Bathtubs Over Broadway

Before David Letterman’s rise to mainstream TV megastardom, his humor appealed largely to nerds and geeks, obsessives and completionists who yearned to be hip, even if they were still ambivalent about that urge. Dave was known for his loyalty to his staff, and here he rewards one of his longest-serving writers, Steve Young, by acting as executive producer and interviewee for this delightfully oddball documentary about Young’s fixation on arcane industrial musicals from the 60s, 70s, and 80s, lavish extravaganzas funded by corporations as educational incentives for their salesmen and staged at private company functions. What started as a production duty—finding obscure LPs for a recurring Late Night bit about Dave’s record collection—became a mission for Young as he grew fascinated by these shows written by such Broadway teams as Sheldon Harnick and Jerry Bock (Fiddler on the Roof) and John Kander and Fred Ebb (Cabaret) that sang the praises of bathroom fixtures, cars, fast food, and polyester, sometimes to the tune of $3 million a pop.

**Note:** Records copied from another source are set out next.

Theorem mainTheorem10 (R : realType) (m n1 n2 : nat) (r1 r2 : R)
  (phi1 : 'rV[R]_(m.+1) -> 'rV[R]_(n1.+1)) (phi2 : 'rV[R]_(m.+1) -> 'rV[R]_(n2.+1))
  (c1 c2 : R) :
  (1 <= m)%N -> 0 < r1 -> 0 < r2 -> r1 ^+ 2 + r2 ^+ 2 = 1 ->
  smooth_on_sphere phi1 -> smooth_on_sphere phi2 ->
  (forall x, sphere 1 (x : 'rV[R]_(m.+1)) -> sphere r1 (phi1 x)) ->
  (forall x, sphere 1 (x : 'rV[R]_(m.+1)) -> sphere r2 (phi2 x)) ->
  harmonic_into r1 phi1 -> harmonic_into r2 phi2 ->
  (forall x, sphere 1 (x : 'rV[R]_(m.+1)) -> energy_density phi1 x = c1) ->
  (forall x, sphere 1 (x : 'rV[R]_(m.+1)) -> energy_density phi2 x = c2) ->
  (proper_biharmonic (sphere_pair_map phi1 phi2) <->
   [/\ r1 = 1 / Num.sqrt 2, r2 = 1 / Num.sqrt 2 & c1 != c2]).
Proof.
move=> _ r1_gt0 r2_gt0 radii smooth1 smooth2 sphere1 sphere2 harm1 harm2 energy1 energy2.
rewrite (pair_proper_biharmonicE smooth1 smooth2 r1_gt0 r2_gt0 radii sphere1 sphere2
  harm1 harm2 energy1 energy2).
exact: equal_radii_iff.
Qed.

It makes you ponder, from the standpoint of cultural anthropology, the differences between then and now, with conglomerates today hell-bent on enriching shareholders by decimating workforces. The film includes Young’s own career crossroads, when Letterman retires from CBS and Young plans what’s next after a 25-year stint crafting jokes. Dava Whisenant (also a former Letterman staffer) directs this chronicle of a comedy writer’s second act, his embrace of a profound new passion, and the unexpected friends he’s made along the way.